Видное место в суаресианских штудиях последних сорока лет принадлежит американскому исследователю Джону Патрику Дойлу. Этот автор не писал толстых книг, но с периодичностью в несколько лет публиковал статьи, каждая из которых посвящена той или иной узловой проблеме[137]. Темы статей: реальность возможных сущих, ана логия, теория истины и сущие в разуме, Хайдеггер и Суарес, метафизическое доказательство существования Бога и т. д. Для этих статей характерны свежесть взгляда, глубина и неожиданные повороты в интерпретации, которым дается солидное текстологическое обоснование. Некоторые темы – во всяком случае, применительно к метафизике Суареса – Дойл начал разрабатывать впервые: например, тему внешних именований или тему учения Суареса о пропозициях, которое не существует в целостном виде, но должно реконструироваться на основании данных, разбросанных в тексте. Разработка этих проблем в перспективе ведет уже не к древним философам – Пармениду, Платону и Аристотелю, – но далеко вперед, к таким фигурам, как Рассел и Патнэм.

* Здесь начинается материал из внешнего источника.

Lemma closed_subgroupT_irrational (R : realType) (G : set R) (p a : R) :
  (forall x y, G x -> G y -> G (x - y)) -> closed G ->
  G p -> 0 < p -> G a -> (~ exists q : rat, a = p * ratr q) -> forall x, G x.
Proof.
move=> G_subr Gcl Gp p0 Ga a_irr.
have Gpos_neq0 : [set g | G g /\ 0 < g] !=set0 by exists p.
have [inf_gt0|inf_le0] := ltrP 0 (inf [set g | G g /\ 0 < g]); last first.
  apply: inf_subgroup_pos_eq0_dense => //; apply/eqP.
  by rewrite eq_le inf_le0 inf_subgroup_pos_ge0.
have [m pm] := inf_subgroup_pos_cyclic G_subr Gpos_neq0 inf_gt0 Gp.
have [n an] := inf_subgroup_pos_cyclic G_subr Gpos_neq0 inf_gt0 Ga.
exfalso; apply: a_irr; exists (n%:~R / m%:~R).
have m_neq0 : m%:~R != 0 :> R by apply: contraTneq p0 => m0; rewrite pm m0 mul0r ltxx.
by rewrite fmorph_div !rmorph_int pm an; field.
Qed.

Local Open Scope complex_scope.

Section Expi.
Variable R : realType.

Lemma expiD (a b : R) : expi (a + b) = expi a * expi b.
Proof. by rewrite /expi cosD sinD; simpc; rewrite [_ * sin b + _]addrC. Qed.

Lemma expi0 : expi (0 : R) = 1.
Proof. by rewrite /expi cos0 sin0; simpc. Qed.

Lemma expi2pi : expi (2 * pi : R) = 1.
Proof. by rewrite /expi mulr_natl cos2pi sin2pi; simpc. Qed.

Lemma expiJ (a : R) : conjc (expi a) = expi (- a).
Proof. by rewrite /expi cosN sinN; simpc. Qed.

Lemma expiNl (a : R) : expi (- a) * expi a = 1.
Proof. by rewrite -expiD addNr expi0. Qed.

End Expi.

Section Adjoint.
Variables (R : realType) (N : nat).
Local Notation C := (Cplx R).
Implicit Types (c : C) (U X Y : 'M[C]_N).

Lemma adjM X Y : adj (X *m Y) = adj Y *m adj X.
Proof. by rewrite /adj map_mxM trmx_mul. Qed.

Lemma adjK X : adj (adj X) = X.
Proof. by apply/matrixP => i j; rewrite /adj !mxE conjcK. Qed.

Lemma adj1 : adj (1%:M : 'M[C]_N) = 1%:M.
Proof. by rewrite /adj map_mx1 trmx1. Qed.

Lemma adjZ c X : adj (c *: X) = conjc c *: adj X.
Proof. by apply/matrixP => i j; rewrite /adj !mxE rmorphM. Qed.

Lemma adjB X Y : adj (X - Y) = adj X - adj Y.
Proof. by apply/matrixP => i j; rewrite /adj !mxE rmorphB. Qed.

Lemma mxtrace_adj X : \tr (adj X) = conjc (\tr X).
Proof. by rewrite /adj mxtrace_tr (trace_map_mx (conjc : {rmorphism C -> C})). Qed.

Lemma unitary_mulVmx U : unitary U -> adj U *m U = 1%:M.
Proof. exact: mulmx1C. Qed.
Lemma measurable_S_B (f : U -> V -> R) (B : U -> set R) (u : U) :
  measurable_fun [set: U * V] (fun x => f x.1 x.2) -> measurable (B u) ->
  measurable (S_B f B u).
Proof.
move=> mf mB; have mfu := measurableT_comp mf (pair1_measurable u).
have := measurableT_comp (@measurable_expR R) mfu measurableT mB.
by rewrite setTI.
Qed.

Lemma measurable_negs_in (S : set V) : measurable S ->
  measurable (negs_in Vn S).
Proof.
move=> mS; have -> : negs_in Vn S = \bigcap_(j in [set: 'I_n]) Vn j @^-1` S.
  by apply/seteqP; split => w h j /=; [move=> _; exact: h | exact: h].
apply: fin_bigcap_measurable => [|j _]; first exact: finite_finset.
by have := mVn j measurableT mS; rewrite setTI.
Qed.

Lemma negs_in_gt0 (mu : set V -> \bar R) (S : set V) :
  iid_with_law P Vn mu -> measurable S -> (0 < mu S)%E ->
  (0 < P (negs_in Vn S))%E.
Proof.
move=> [law indep] mS muS0.
have -> : negs_in Vn S = [set w | forall j, Vn j w \in S].
  apply/seteqP; split => w /= h j; first by rewrite inE; exact: h.
  by move: (h j); rewrite inE.
rewrite (indep (fun=> S)) //; apply: (big_ind (fun x => 0 < x)%E) => //.
  by move=> x y; exact: mule_gt0.
by move=> j _; rewrite law.
Qed.

Lemma expect_negative (mu : {measure set V -> \bar R}) (h : V -> R)
    (j : 'I_n) :
  iid_with_law P Vn mu -> measurable_fun setT h -> (forall v, 0 <= h v) ->
  (\int[P]_w (h (Vn j w))%:E = \int[mu]_v (h v)%:E)%E.
Proof.
move=> [law _] mh h0.
rewrite (eq_measure_integral (pushforward P (Vn j))); last first.
  by move=> A mA _; exact: esym (law j A mA).
rewrite (ge0_integral_pushforward (mVn j)) //; last by move=> v; rewrite lee_fin.
exact/measurable_EFinP.
Qed.

End sampling_model.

В целом статьи Дойла свидетельствуют о непростом пути, пройденном их автором от решительного отвержения метафизики Суареса с позиций жильсоновского томизма до хотя и не безоговорочного признания, но несомненного уважения к этой мощной философии и даже восхищения ею.
Оригинальный подход к изучению Суареса предложил современный исследователь и переводчик Суареса на итальянский язык Константино Эспозито. Он призывает увидеть в суаресовской метафизике феномен культуры Барокко и вглядеться не только в то, как труд Суареса входит в барочный мир, но и в то, как сам этот мир выразился в труде испанского иезуита[138].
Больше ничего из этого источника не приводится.